» DIRECTIONS FOR THIS TASK: In the entries below, find the line with "Notation Cplx R := (complex (Real.sort R))." and the line with "(rho g *m v)].". Reproduce those two lines and every line between them exactly, and nothing more.

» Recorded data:
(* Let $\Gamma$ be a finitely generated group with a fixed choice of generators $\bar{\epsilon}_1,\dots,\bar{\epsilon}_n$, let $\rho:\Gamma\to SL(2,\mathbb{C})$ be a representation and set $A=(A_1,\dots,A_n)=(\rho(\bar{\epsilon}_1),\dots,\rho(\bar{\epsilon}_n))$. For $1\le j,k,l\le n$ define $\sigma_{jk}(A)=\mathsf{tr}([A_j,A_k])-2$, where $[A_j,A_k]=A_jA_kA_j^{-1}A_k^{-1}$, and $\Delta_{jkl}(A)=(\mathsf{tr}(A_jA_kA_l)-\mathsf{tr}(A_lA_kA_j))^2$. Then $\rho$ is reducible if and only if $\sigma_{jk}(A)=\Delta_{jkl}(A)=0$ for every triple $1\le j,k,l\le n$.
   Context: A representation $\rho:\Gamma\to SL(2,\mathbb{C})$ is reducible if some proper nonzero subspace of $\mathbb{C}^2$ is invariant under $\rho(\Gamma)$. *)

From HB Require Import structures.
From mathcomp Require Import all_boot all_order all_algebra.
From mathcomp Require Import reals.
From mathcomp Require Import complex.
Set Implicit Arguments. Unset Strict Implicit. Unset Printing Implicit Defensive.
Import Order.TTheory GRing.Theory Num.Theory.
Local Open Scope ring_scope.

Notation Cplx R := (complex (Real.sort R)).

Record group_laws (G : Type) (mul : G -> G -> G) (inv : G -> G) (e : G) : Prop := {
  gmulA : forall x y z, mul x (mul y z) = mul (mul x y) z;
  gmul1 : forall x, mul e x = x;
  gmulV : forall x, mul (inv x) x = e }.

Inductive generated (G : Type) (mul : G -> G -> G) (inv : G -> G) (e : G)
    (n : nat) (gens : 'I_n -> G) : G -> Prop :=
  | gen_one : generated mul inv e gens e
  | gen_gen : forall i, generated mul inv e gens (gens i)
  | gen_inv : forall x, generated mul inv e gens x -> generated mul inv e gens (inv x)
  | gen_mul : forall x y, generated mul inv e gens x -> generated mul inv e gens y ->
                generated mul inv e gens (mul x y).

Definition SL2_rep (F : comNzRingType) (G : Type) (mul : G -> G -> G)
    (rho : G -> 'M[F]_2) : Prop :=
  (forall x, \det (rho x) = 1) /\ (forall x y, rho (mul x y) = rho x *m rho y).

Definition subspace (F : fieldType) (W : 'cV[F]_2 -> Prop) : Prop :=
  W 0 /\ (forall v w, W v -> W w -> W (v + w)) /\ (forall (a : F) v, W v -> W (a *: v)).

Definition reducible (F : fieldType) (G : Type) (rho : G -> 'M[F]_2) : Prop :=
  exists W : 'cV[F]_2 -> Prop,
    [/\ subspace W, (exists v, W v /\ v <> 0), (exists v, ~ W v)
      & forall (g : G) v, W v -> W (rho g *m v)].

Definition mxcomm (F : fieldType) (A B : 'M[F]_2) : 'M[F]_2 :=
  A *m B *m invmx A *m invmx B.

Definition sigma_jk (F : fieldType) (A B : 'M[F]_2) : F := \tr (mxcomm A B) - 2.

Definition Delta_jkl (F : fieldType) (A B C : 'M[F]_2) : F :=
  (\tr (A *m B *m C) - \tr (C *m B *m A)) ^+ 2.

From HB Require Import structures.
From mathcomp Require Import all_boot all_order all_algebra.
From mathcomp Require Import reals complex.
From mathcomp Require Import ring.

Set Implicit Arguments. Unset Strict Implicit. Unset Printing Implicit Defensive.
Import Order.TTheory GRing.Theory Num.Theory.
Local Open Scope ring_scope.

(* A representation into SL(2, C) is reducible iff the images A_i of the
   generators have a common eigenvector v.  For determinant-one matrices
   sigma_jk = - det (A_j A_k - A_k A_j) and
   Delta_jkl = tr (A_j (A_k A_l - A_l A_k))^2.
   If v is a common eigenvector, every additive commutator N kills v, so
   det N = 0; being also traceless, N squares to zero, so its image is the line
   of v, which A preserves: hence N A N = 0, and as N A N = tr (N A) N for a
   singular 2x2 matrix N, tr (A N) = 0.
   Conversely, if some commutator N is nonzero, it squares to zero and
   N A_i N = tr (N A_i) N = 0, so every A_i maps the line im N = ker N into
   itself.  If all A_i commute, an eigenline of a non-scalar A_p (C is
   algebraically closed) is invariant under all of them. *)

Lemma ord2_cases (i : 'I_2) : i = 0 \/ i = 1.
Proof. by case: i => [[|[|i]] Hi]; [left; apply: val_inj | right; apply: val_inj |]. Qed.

» EXERCISE RESULT:
Notation Cplx R := (complex (Real.sort R)).

Record group_laws (G : Type) (mul : G -> G -> G) (inv : G -> G) (e : G) : Prop := {
  gmulA : forall x y z, mul x (mul y z) = mul (mul x y) z;
  gmul1 : forall x, mul e x = x;
  gmulV : forall x, mul (inv x) x = e }.

Inductive generated (G : Type) (mul : G -> G -> G) (inv : G -> G) (e : G)
    (n : nat) (gens : 'I_n -> G) : G -> Prop :=
  | gen_one : generated mul inv e gens e
  | gen_gen : forall i, generated mul inv e gens (gens i)
  | gen_inv : forall x, generated mul inv e gens x -> generated mul inv e gens (inv x)
  | gen_mul : forall x y, generated mul inv e gens x -> generated mul inv e gens y ->
                generated mul inv e gens (mul x y).

Definition SL2_rep (F : comNzRingType) (G : Type) (mul : G -> G -> G)
    (rho : G -> 'M[F]_2) : Prop :=
  (forall x, \det (rho x) = 1) /\ (forall x y, rho (mul x y) = rho x *m rho y).

Definition subspace (F : fieldType) (W : 'cV[F]_2 -> Prop) : Prop :=
  W 0 /\ (forall v w, W v -> W w -> W (v + w)) /\ (forall (a : F) v, W v -> W (a *: v)).

Definition reducible (F : fieldType) (G : Type) (rho : G -> 'M[F]_2) : Prop :=
  exists W : 'cV[F]_2 -> Prop,
    [/\ subspace W, (exists v, W v /\ v <> 0), (exists v, ~ W v)
      & forall (g : G) v, W v -> W (rho g *m v)].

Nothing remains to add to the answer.